## What you are asked to do
Using the listing below, report how many lines hold the word "left", and nothing else.
═════ Records provided ═════
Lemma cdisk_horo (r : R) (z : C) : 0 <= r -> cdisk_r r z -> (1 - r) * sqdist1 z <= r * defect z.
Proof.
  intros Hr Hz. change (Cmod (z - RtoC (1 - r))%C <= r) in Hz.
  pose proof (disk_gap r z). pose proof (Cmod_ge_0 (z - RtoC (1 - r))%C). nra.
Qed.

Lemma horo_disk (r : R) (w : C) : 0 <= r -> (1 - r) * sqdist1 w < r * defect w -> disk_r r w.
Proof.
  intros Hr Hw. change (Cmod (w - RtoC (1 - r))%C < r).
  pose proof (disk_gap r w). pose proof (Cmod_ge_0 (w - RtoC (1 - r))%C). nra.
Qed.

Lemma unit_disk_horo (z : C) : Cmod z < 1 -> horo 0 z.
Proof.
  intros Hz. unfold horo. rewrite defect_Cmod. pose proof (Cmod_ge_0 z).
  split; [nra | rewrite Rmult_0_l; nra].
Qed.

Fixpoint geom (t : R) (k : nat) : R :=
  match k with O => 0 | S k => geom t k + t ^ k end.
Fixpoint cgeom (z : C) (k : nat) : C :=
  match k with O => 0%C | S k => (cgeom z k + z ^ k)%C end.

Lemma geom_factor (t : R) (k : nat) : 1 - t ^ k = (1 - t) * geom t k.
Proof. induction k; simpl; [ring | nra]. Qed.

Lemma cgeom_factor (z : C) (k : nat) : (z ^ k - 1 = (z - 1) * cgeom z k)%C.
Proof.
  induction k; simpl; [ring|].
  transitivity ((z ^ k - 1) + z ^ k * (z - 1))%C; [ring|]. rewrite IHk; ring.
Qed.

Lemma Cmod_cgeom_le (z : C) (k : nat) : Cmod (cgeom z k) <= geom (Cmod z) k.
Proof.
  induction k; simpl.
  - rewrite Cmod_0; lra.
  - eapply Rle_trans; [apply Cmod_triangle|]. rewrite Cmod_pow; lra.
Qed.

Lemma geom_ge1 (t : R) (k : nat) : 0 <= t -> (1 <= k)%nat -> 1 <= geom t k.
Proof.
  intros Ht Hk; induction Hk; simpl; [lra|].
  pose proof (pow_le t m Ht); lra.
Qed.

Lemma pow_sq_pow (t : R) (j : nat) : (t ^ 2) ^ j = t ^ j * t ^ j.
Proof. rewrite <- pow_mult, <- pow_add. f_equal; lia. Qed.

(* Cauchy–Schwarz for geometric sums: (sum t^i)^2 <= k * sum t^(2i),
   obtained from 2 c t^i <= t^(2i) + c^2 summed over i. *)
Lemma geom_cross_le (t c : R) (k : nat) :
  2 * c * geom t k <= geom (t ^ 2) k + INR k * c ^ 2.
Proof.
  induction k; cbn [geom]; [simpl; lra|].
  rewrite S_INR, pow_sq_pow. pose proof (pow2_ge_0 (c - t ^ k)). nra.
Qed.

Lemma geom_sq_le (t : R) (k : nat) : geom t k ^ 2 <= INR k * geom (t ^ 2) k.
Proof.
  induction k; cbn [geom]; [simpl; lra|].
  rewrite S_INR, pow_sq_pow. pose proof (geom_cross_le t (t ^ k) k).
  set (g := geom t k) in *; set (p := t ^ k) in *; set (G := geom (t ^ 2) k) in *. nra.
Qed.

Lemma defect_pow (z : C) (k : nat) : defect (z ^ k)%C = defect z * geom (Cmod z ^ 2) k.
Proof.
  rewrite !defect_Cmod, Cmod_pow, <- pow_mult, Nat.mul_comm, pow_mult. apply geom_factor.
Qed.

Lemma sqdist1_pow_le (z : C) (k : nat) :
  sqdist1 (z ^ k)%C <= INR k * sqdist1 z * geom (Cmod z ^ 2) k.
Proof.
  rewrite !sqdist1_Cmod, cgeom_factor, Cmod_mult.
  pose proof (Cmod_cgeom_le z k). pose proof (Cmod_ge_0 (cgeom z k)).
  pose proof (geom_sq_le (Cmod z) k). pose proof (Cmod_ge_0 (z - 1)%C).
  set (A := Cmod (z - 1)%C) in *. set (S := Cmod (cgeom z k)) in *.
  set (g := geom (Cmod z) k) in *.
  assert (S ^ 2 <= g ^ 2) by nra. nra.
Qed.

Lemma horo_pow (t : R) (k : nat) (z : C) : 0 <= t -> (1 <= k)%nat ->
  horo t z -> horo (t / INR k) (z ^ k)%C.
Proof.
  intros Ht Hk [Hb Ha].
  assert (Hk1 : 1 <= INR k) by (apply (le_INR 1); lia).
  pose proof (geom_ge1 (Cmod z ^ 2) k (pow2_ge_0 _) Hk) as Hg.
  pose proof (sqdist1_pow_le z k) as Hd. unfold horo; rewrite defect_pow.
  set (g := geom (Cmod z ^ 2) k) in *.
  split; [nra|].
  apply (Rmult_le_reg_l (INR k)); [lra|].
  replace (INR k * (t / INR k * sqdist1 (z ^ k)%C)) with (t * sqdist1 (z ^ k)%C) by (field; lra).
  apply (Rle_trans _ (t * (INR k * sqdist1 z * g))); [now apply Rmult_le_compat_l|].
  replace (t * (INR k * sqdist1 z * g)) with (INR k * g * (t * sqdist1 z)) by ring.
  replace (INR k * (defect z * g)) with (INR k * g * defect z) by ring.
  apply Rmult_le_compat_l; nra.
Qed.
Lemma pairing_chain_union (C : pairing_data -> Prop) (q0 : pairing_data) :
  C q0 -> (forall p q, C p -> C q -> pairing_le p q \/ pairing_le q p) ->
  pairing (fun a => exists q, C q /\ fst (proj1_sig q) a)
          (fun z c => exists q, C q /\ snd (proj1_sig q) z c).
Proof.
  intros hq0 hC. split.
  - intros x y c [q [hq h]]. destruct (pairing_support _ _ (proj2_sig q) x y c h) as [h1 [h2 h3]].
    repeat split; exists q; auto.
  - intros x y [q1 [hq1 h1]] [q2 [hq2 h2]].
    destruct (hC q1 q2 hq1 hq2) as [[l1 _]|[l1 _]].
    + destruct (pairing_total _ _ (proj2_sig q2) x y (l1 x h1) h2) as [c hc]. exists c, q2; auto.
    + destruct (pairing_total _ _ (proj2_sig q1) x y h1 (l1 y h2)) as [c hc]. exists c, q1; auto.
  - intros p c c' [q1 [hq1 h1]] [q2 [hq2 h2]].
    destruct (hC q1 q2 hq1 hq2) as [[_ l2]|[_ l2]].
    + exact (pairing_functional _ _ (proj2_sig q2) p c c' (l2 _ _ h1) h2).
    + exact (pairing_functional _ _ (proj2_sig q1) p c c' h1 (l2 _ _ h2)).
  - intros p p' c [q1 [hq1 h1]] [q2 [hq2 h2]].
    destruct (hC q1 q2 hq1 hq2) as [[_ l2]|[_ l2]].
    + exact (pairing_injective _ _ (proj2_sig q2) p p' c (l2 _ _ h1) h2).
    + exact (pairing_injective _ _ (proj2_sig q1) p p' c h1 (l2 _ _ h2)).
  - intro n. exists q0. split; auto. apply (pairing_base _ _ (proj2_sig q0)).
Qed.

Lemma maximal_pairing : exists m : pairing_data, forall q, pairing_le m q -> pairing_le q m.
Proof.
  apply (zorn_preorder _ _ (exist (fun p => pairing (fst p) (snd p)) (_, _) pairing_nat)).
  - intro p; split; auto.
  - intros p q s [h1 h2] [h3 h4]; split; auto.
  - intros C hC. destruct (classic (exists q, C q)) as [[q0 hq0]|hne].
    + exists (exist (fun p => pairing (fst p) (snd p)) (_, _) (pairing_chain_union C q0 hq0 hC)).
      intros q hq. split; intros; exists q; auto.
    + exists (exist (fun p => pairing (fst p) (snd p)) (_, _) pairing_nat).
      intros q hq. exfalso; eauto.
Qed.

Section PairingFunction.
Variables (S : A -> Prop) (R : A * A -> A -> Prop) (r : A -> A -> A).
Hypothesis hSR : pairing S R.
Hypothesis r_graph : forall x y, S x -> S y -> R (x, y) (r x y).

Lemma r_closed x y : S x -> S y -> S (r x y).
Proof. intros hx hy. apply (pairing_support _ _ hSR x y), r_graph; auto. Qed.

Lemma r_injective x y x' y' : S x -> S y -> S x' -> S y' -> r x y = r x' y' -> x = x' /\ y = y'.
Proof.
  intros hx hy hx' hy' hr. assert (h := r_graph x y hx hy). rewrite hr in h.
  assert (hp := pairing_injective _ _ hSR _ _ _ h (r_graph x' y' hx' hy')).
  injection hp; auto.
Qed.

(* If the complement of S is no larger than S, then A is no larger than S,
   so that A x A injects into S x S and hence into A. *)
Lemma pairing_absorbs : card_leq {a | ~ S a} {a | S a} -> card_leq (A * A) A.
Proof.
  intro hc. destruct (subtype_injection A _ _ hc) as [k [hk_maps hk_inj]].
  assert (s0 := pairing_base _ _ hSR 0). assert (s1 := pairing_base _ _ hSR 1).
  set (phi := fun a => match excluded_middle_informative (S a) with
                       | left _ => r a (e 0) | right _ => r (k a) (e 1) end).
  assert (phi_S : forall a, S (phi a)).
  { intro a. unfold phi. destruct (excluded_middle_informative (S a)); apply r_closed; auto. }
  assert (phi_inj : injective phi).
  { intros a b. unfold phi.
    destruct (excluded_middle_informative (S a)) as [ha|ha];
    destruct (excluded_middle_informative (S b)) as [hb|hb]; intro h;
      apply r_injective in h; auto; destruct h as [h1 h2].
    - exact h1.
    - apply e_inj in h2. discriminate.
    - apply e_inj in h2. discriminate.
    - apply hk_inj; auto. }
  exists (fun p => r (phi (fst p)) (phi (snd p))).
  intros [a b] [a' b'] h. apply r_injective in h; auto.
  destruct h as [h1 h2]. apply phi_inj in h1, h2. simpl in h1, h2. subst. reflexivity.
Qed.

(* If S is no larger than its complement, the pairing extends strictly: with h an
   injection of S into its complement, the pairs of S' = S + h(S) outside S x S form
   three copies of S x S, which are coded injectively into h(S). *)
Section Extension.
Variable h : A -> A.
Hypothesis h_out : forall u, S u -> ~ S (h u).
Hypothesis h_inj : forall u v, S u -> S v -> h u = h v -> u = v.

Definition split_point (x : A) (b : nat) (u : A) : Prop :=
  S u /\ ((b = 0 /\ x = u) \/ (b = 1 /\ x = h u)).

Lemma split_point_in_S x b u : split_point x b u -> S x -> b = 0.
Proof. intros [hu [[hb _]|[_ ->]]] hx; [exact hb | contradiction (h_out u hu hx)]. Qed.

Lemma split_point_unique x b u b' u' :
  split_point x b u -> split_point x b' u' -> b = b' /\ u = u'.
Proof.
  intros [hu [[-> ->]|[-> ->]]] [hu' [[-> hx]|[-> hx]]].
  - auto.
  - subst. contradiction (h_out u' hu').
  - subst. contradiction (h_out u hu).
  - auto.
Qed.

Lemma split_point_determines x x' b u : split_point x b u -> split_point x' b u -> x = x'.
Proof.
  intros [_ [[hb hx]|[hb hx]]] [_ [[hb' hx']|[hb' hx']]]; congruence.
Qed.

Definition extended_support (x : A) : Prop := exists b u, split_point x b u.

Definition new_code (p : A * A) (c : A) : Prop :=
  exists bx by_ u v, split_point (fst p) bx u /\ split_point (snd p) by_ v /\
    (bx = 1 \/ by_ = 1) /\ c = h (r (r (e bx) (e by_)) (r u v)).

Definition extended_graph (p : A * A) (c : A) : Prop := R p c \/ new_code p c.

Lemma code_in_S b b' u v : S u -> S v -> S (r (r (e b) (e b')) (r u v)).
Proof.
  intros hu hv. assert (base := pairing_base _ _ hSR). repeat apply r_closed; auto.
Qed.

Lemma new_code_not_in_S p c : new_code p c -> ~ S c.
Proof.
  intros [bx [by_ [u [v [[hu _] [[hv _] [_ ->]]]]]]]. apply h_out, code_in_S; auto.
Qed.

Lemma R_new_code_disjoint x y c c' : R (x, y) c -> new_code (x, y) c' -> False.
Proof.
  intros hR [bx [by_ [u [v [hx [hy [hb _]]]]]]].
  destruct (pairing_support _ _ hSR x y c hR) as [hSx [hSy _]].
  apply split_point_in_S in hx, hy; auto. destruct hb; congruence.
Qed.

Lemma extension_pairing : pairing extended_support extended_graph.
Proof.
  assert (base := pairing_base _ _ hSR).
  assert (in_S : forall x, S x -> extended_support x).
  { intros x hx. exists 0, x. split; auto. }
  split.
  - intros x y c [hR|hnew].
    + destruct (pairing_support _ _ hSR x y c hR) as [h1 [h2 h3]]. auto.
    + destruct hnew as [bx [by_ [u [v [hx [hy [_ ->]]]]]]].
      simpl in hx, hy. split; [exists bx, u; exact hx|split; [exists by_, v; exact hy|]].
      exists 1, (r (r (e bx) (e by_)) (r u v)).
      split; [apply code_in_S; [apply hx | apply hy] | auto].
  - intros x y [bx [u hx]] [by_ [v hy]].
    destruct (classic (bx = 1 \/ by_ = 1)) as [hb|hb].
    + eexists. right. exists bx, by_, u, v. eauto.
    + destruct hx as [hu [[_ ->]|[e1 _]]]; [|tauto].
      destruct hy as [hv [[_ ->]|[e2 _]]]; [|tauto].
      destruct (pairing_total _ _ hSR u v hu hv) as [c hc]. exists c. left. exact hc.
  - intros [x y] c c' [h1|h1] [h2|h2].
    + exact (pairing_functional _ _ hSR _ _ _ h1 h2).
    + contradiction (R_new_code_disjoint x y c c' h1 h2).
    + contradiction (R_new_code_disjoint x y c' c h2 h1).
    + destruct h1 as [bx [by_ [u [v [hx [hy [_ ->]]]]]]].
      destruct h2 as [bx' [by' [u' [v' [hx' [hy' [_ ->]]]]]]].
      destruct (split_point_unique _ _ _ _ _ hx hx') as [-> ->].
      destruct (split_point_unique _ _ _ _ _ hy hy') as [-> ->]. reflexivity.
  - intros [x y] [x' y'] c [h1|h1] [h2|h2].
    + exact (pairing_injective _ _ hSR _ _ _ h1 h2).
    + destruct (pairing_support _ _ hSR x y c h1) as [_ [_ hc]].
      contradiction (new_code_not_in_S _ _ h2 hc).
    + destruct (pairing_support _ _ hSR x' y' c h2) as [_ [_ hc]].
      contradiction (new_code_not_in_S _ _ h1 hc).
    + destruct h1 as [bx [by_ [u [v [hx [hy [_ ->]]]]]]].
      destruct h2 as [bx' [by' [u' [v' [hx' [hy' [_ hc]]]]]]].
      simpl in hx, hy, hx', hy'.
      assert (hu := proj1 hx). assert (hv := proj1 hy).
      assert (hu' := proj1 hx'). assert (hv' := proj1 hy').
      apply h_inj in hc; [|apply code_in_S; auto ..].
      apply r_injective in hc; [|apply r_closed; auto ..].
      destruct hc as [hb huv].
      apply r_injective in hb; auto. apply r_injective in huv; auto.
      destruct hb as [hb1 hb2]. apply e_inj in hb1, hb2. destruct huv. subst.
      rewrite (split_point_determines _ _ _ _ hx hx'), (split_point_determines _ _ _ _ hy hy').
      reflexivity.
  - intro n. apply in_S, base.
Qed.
═════
## Response
2